Le traitement peut avoir pour finalité accessoire le suivi du temps de travail, lorsque ce suivi ne peut être réalisé par un autre moyen, sous réserve notamment de ne pas collecter ou traiter de données de localisation en dehors du temps de travail des employés concernés.
À l’opposé, un tel système n’est pas justifié :
lorsque le salarié dispose d’une liberté dans l’organisation de ses déplacements (visiteurs médicaux, VRP…) ;
en dehors des horaires de travail. Sous-entendu, le recours à un tel dispositif ne doit pas conduire à un contrôle permanent des salariés. Les salariés doivent avoir la possibilité de désactiver le système à l’issue de leur temps de travail ;
lorsque le salarié se déplace dans le cadre d’un mandat électif ou syndical.
Le traitement des données doit être entouré de garanties. Les données collectées (localisation, kilomètres parcourus, façon de conduire…) doivent être adéquates, pertinentes et non excessives au regard des finalités pour lesquelles le système est mis en place. Sans faire obstacle à la réglementation particulière du transport routier, il est interdit de relever des informations relatives au dépassement des limitations de vitesse, seule la vitesse moyenne peut être retenue. L’accès aux données de géolocalisation doit être limité aux seules personnes qui, dans le cadre de leurs fonctions, peuvent légitimement en avoir connaissance (ex. : responsable des ressources humaines, personnes en charge de planifier les interventions…).
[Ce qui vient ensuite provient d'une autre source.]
Lemma rnull_Ghat : (rnull Gh :=: rnull G *m (mxQ (Zmx M N1 N2h))^T)%MS.
Proof.
have [_ VU1] := unimodular_completionQ hU1; have [UV2 _] := unimodular_completionQ hU2.
apply: (kermx_tr_factor (P := blockZinv ph (mxFQ K1h)) Ghat_Zmx).
rewrite Ghat_blockE mxQ_Zmx G_blockE => k X.
exact: (blockGhat_kernel (M := mxQ M) (Rsp := ssreal A B C) VU1 UV2).
Qed.

Hypothesis hK2 : minimal_basis K2.
Hypothesis hK2deg : forall i, rowdeg K2 i = 1%N.
Hypothesis hMpencil : (pmxdeg M <= 1)%N.

Lemma pmxdeg_Zmx_null (h : 'cV_m) :
  G *m mxQ h = 0 -> pmxdeg (Zmx M N1 N2h *m h) = pmxdeg (N1^T *m h).
Proof.
move=> null_h; rewrite mul_col_mx mulNmx pmxdeg_col_mx pmxdegN; apply/maxn_idPl.
have [_ _ _ K1hN1] := completion_blocks hU1.1.
have degh : (pmxdeg h <= pmxdeg (N1^T *m h))%N.
  rewrite -{1}[h]mul1mx -K1hN1 -mulmxA.
  by apply: leq_trans (pmxdegM _ _) _; rewrite pmxdegFP.
rewrite -!mulmxA; apply: (pmxdeg_Nhat_mul hK2 hK2deg (completion_sum_tr hU2.2)).
  by apply: leq_trans (pmxdegM _ _) _; rewrite addnC -[X in (_ <= X)%N]addn1 leq_add2l.
rewrite !mulmxA -hD; apply: leq_trans (leqW degh).
by apply: (pmxdeg_null_polypart (A := A) (B := B) (C := C)); rewrite -hG.
Qed.

End StrongLinearization.

Theorem lemma6p1 (F : fieldType) (p m n ph mh : nat)
  (G : 'M[ratF F]_(p, m)) (D : 'M[{poly F}]_(p, m))
  (A : 'M[F]_n) (B : 'M[F]_(n, m)) (C : 'M[F]_(p, n))
  (K1 : 'M[{poly F}]_(mh, m + mh)) (K2 : 'M[{poly F}]_(ph, p + ph))
  (N1 : 'M[{poly F}]_(m, m + mh)) (N2 : 'M[{poly F}]_(p, p + ph))
  (M : 'M[{poly F}]_(p + ph, m + mh))
  (K1h : 'M[F]_(m, m + mh)) (K2h : 'M[F]_(p, p + ph))
  (N1h : 'M[{poly F}]_(mh, m + mh)) (N2h : 'M[{poly F}]_(ph, p + ph))
  (T S : 'M[F]_n)
  (hG : G = mxQ D + ssreal A B C)
  (hmin : minimal_realization A B C)
  (hdegD : (1 < pmxdeg D)%N)
  (hK1 : minimal_basis K1) (hK1deg : forall i, rowdeg K1 i = 1%N)
  (hK2 : minimal_basis K2) (hK2deg : forall i, rowdeg K2 i = 1%N)
  (hdual1 : dual_minimal_bases K1 N1) (hdual2 : dual_minimal_bases K2 N2)
  (hN1deg : exists d, forall i, rowdeg N1 i = d)
  (hN2deg : exists d, forall i, rowdeg N2 i = d)
  (hMpencil : (pmxdeg M <= 1)%N)
  (hD : D = N2 *m M *m N1^T)
  (hdegD' : pmxdeg D = (pmxdeg N1 + pmxdeg N2 + 1)%N)
  (hU1 : unimodular_completion K1 K1h N1h N1)
  (hU2 : unimodular_completion K2 K2h N2h N2)
  (hT : T \in unitmx) (hS : S \in unitmx) :
  (forall h : 'cV[ratF F]_m, G *m h = 0 ->
     Ghat A B C M K1 K2 K1h K2h *m (mxQ (Zmx M N1 N2h) *m h) = 0) /\
  (forall h : 'cV[{poly F}]_m, G *m mxQ h = 0 -> h != 0 ->
     exists z : 'cV[{poly F}]_(m + mh + ph),
       [/\ mxQ z = mxQ (Zmx M N1 N2h) *m mxQ h,
           pmxdeg z = pmxdeg (N1^T *m h) &
           pmxdeg (N1^T *m h) = (pmxdeg N1 + pmxdeg h)%N]) /\
  (forall l (H : 'M[{poly F}]_(m, l)),
     right_minimal_basis G H ->
     right_minimal_basis (Ghat A B C M K1 K2 K1h K2h) (Zmx M N1 N2h *m H)).
Proof.
have [d1 N1deg] := hN1deg; have [_ N1min _ _] := hdual1.
have degZ := pmxdeg_Zmx_null hG hD hU1 hU2 hK2 hK2deg hMpencil.
split; [|split].
- by move=> h null_h; rewrite mulmxA (Ghat_Zmx hG hD hU1 hU2) -mulmxA null_h mulmx0.
- move=> h null_h h0; exists (Zmx M N1 N2h *m h); split; [exact: mxQM | exact: degZ |].
  have /cV0Pn[i0 _] := h0.
  by rewrite (pmxdeg_rowdeg_const i0 N1deg) (pmxdeg_minimal_basis_mul N1min N1deg h0).
move=> l H; apply: (right_minimal_basis_mul (P := blockZinv ph (mxFP K1h)) (d := d1)).
- exact: (blockZinvK M N2h hU1.1 : _ *m Zmx M N1 N2h = _).
- exact: rnull_Ghat hG hD hU1 hU2.
- by move=> h; apply: pmxdeg_Zmx_ge N1min N1deg.
- move=> h /degZ ->; apply: leq_trans (pmxdegM _ _) _; rewrite pmxdeg_tr leq_add2r.
  by apply/pmxdeg_leP => i j; rewrite -(N1deg i) rowdeg_ge.
Qed.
Les données recueillies ne peuvent être conservées, sauf cas particuliers, plus de deux mois. La durée de conservation peut être supérieure à deux mois si une réglementation spécifique le prévoit ou être fixée à un an si la conservation des données est rendue nécessaire, soit dans un objectif d’historique des déplacements à des fins d’optimisation des tournées, soit à des fins de preuve des interventions effectuées, s’il n’est pas possible d’apporter la preuve par un autre moyen. Dans le cadre d’un suivi du temps de travail, seules les données relatives aux horaires effectués peuvent être conservées pour une durée de cinq ans.
Un système de géolocalisation ne peut être utilisé par l’employeur pour d’autres finalités que celles qui ont été déclarées auprès de la CNIL et portées à la connaissance des salariés. Le détournement de la finalité d’un système est sanctionné pénalement par cinq ans d’emprisonnement et 300 000 € d’amende (art. 226-21 du code pénal).
Garante des libertés individuelles, la Cour de cassation veille à ce que le dispositif soit justifié par la nature de la tâche à accomplir et proportionné au but recherché. Il ne doit pas exister d’autres moyens moins intrusifs pour le salarié, plus respectueux des libertés individuelles.
Pour la Cour de cassation comme pour la CNIL, le contrôle du temps de travail par un système de géolocalisation n’est justifié que lorsque ce contrôle ne peut être fait par un autre moyen.
Au surplus, un tel système n’est pas licite dans le cas où le salarié dispose d’une liberté dans l’organisation de son travail (Cass. soc., 3 novembre 2011, n° 10-18036 ; Cass. soc., 17 décembre 2014, n° 13-23645).
L’idée générale est que la géolocalisation, comme tout système de surveillance, ne doit pas conduire à un contrôle permanent des salariés concernés.
Si le dispositif mis en place ne respecte pas ces règles, le salarié ou le syndicat peut notamment se rapprocher de la CNIL.